### What to do
Out of the lines below, please list those that hold the string "orbT".

§

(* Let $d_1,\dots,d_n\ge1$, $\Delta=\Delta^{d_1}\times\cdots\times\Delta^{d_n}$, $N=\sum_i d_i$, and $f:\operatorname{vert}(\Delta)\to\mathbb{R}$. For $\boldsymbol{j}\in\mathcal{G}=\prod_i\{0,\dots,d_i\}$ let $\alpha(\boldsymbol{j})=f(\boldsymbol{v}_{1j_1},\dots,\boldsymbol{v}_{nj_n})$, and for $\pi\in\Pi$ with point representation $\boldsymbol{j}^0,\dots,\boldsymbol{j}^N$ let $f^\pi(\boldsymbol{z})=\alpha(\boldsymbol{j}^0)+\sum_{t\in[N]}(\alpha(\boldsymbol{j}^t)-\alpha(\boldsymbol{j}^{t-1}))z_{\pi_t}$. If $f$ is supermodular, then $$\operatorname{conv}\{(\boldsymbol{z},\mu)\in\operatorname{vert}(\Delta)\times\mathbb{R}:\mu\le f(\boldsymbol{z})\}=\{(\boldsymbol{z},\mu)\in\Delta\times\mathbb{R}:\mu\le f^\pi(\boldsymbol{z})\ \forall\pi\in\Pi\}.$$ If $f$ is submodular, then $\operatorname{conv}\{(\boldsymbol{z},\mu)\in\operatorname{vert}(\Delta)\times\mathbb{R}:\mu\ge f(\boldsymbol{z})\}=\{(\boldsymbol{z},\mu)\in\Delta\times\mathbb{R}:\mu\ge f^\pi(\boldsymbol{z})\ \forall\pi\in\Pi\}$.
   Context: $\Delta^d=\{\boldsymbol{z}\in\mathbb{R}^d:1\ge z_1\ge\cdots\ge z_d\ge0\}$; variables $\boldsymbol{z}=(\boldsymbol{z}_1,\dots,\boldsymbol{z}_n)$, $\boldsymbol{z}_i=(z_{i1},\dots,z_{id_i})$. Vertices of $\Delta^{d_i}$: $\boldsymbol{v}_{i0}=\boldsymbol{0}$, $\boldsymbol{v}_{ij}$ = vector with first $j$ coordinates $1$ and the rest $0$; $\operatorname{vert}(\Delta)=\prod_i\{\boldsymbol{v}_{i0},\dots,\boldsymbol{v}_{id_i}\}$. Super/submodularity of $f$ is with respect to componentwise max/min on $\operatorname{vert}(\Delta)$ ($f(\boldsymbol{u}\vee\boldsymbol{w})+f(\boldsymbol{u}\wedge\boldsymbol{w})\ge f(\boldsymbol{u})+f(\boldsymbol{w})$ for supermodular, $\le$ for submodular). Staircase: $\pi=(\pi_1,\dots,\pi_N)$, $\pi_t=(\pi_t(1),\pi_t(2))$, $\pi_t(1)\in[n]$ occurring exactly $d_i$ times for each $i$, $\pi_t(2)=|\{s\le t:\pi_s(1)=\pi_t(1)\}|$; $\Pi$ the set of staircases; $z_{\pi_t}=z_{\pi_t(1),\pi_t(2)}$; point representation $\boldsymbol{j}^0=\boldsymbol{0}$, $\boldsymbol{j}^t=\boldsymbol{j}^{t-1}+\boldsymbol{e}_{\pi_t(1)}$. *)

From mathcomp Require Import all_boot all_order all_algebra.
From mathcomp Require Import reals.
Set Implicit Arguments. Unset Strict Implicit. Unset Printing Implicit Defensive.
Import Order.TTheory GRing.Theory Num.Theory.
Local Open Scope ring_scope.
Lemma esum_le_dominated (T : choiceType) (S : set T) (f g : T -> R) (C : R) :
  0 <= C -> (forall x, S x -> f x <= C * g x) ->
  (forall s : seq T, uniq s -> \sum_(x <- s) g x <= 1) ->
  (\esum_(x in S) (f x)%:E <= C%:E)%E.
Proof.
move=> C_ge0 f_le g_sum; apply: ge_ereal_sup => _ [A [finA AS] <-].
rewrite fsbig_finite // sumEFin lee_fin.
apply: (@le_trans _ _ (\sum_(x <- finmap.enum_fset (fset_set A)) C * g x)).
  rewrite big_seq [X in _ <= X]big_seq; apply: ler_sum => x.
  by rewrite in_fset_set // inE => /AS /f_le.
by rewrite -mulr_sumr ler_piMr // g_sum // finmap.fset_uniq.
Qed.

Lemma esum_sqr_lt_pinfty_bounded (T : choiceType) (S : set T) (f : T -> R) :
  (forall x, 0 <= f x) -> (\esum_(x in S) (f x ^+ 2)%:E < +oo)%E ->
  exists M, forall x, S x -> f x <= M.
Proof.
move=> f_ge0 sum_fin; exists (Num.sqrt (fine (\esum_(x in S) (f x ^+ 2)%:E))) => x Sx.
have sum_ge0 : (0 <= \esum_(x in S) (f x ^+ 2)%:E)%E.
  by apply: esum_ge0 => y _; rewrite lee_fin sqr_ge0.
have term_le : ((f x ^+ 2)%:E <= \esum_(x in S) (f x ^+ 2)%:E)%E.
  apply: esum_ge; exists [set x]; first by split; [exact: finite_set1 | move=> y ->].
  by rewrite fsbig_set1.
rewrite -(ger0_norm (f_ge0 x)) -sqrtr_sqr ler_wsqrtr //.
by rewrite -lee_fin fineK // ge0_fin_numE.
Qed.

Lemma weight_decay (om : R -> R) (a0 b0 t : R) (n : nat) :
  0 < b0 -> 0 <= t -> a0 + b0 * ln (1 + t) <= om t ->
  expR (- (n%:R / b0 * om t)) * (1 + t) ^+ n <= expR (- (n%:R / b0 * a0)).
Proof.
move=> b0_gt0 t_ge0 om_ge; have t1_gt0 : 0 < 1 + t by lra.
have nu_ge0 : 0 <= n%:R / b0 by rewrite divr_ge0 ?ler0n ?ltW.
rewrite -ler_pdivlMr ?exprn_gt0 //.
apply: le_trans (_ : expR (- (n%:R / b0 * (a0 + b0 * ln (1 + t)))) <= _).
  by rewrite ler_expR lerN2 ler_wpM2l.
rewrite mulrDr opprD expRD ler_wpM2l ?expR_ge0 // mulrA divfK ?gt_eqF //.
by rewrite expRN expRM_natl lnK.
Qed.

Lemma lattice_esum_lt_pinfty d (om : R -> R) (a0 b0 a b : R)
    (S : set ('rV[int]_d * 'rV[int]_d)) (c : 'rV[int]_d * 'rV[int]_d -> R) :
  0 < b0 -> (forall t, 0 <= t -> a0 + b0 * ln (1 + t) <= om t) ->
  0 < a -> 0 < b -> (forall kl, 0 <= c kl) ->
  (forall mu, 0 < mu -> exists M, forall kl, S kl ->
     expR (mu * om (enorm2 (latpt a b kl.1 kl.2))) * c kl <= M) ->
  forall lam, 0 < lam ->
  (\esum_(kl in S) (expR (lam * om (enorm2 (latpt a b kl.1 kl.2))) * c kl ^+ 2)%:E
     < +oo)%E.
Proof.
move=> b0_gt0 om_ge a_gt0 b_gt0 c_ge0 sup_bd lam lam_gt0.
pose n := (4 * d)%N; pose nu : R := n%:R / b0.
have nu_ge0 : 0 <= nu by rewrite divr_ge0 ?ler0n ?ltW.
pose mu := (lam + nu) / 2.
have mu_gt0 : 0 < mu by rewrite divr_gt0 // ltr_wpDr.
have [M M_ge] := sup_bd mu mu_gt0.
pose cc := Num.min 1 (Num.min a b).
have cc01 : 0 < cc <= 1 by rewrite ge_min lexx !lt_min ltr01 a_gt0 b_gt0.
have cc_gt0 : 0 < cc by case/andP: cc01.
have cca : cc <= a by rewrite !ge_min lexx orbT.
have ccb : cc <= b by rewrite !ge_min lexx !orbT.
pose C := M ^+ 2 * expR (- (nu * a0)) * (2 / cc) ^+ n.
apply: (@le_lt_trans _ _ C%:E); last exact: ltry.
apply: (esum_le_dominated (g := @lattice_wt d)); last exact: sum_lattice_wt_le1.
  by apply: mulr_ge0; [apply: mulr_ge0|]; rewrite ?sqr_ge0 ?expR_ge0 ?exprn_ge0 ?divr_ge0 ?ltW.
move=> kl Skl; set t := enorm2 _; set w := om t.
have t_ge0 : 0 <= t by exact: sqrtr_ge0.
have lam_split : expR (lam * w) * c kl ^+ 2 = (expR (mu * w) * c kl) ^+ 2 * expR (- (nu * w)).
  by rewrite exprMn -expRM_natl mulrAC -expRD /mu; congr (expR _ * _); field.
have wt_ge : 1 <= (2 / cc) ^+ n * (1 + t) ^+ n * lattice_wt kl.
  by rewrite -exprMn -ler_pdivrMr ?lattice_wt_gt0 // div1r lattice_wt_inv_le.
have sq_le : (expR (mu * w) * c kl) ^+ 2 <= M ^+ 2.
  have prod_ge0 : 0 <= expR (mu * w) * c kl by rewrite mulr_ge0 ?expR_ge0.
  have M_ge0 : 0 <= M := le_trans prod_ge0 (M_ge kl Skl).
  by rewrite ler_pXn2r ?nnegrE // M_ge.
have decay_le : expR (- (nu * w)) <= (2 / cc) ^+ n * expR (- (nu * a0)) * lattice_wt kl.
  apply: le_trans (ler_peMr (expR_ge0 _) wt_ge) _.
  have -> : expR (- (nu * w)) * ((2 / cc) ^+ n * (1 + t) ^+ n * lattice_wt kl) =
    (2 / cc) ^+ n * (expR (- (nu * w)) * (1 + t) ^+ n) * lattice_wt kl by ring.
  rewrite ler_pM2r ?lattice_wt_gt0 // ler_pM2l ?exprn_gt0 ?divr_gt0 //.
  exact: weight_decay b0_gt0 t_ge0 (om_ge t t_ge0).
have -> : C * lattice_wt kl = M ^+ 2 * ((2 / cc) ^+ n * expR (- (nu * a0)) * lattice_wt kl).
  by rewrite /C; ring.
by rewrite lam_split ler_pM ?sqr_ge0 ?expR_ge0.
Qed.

§

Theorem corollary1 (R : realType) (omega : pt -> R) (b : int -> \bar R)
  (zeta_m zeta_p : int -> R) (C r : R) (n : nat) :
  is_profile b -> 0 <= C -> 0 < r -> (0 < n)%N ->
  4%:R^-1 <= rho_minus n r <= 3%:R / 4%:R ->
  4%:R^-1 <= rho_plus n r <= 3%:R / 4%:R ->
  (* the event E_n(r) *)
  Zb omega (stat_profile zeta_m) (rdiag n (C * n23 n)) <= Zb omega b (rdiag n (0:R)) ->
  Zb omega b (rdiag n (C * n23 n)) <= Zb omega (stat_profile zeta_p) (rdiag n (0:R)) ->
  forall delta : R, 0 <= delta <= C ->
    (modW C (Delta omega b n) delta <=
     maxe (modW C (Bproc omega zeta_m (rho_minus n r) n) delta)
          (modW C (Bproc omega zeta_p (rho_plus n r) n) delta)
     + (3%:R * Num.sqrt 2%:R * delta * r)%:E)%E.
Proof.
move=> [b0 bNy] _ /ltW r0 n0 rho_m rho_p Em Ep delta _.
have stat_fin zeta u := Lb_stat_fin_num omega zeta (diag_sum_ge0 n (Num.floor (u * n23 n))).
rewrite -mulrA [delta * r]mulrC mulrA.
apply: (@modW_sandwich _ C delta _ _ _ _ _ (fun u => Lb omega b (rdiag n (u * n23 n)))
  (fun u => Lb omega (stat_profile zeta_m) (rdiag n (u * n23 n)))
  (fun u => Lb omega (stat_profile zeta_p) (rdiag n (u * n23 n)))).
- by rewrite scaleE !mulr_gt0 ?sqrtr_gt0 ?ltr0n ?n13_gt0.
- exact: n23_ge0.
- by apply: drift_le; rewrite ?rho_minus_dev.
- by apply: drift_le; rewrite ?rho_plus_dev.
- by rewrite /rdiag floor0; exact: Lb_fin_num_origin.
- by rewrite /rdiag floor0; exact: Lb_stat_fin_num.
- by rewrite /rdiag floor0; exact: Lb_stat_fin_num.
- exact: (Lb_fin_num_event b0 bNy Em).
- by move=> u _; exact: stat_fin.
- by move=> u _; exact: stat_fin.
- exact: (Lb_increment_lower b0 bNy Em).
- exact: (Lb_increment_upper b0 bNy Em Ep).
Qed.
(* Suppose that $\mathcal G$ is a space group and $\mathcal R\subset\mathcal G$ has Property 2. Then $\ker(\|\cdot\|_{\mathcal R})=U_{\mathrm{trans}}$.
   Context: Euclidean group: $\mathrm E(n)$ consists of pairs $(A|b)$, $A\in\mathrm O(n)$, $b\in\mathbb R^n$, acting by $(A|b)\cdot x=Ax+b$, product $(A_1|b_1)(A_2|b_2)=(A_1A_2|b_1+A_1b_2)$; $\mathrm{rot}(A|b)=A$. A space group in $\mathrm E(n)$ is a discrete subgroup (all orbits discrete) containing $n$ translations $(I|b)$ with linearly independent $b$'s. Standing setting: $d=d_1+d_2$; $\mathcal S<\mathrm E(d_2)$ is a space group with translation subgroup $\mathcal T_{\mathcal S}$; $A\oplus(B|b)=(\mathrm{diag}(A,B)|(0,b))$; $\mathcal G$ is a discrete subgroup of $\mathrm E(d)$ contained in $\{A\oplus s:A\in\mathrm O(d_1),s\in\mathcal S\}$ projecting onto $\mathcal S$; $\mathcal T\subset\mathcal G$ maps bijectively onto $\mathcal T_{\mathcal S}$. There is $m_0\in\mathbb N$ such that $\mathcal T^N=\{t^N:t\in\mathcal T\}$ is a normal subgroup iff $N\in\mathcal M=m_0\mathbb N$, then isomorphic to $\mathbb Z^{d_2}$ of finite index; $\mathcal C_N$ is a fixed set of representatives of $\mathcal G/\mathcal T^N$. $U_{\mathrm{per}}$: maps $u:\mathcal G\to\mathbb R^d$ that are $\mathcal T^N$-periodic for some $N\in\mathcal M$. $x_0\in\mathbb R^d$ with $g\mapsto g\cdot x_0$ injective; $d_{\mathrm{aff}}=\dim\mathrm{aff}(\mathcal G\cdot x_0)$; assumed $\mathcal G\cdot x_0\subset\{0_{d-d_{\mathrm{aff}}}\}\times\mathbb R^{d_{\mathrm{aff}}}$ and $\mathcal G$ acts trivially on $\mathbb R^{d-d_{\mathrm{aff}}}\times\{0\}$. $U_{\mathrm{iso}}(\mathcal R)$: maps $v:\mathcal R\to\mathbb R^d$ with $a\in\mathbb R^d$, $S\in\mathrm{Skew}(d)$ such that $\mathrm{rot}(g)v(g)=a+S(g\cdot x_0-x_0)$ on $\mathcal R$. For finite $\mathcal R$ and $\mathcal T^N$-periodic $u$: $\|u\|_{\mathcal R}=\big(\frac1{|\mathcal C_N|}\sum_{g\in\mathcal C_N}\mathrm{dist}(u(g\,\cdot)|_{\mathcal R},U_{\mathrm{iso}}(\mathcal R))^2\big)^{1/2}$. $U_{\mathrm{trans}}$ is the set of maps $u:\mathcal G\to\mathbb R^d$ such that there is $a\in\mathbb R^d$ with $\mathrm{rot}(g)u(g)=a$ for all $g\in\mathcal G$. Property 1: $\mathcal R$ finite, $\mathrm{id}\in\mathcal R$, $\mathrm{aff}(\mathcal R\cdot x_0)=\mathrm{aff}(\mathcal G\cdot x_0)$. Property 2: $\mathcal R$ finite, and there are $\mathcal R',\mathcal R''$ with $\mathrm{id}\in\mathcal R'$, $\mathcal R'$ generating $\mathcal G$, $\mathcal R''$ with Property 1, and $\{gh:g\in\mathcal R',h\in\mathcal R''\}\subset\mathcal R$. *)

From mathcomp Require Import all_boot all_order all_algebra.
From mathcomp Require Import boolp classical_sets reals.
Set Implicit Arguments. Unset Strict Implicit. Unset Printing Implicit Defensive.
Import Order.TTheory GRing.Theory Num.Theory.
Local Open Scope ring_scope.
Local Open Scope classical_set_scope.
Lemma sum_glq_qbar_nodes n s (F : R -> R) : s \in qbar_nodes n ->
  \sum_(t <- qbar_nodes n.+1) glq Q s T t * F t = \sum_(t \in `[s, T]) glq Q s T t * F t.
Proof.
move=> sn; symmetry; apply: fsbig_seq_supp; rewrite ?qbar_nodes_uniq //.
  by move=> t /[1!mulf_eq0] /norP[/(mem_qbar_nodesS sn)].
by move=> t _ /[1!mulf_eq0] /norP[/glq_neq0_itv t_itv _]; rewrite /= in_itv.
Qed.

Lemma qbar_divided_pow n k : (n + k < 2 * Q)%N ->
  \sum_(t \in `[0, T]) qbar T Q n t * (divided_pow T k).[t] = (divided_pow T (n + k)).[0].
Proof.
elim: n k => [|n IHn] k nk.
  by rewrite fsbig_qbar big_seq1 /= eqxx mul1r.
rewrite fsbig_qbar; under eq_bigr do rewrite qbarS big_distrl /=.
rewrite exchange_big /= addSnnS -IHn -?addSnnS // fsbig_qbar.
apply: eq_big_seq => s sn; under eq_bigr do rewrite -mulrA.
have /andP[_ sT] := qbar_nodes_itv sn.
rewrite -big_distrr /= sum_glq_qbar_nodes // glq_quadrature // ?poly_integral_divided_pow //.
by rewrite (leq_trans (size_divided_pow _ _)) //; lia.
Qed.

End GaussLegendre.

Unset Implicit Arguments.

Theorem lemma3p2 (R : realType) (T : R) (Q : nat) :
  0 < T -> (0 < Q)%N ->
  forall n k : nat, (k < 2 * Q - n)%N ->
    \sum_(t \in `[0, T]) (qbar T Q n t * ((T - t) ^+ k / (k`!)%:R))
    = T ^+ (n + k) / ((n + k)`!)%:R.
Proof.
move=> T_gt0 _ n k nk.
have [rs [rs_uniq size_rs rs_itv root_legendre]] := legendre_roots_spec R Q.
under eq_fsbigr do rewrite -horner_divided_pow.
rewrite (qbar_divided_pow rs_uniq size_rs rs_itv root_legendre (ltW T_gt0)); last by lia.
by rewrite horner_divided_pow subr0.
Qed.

§

### Response below
have cca : cc <= a by rewrite !ge_min lexx orbT.
have ccb : cc <= b by rewrite !ge_min lexx !orbT.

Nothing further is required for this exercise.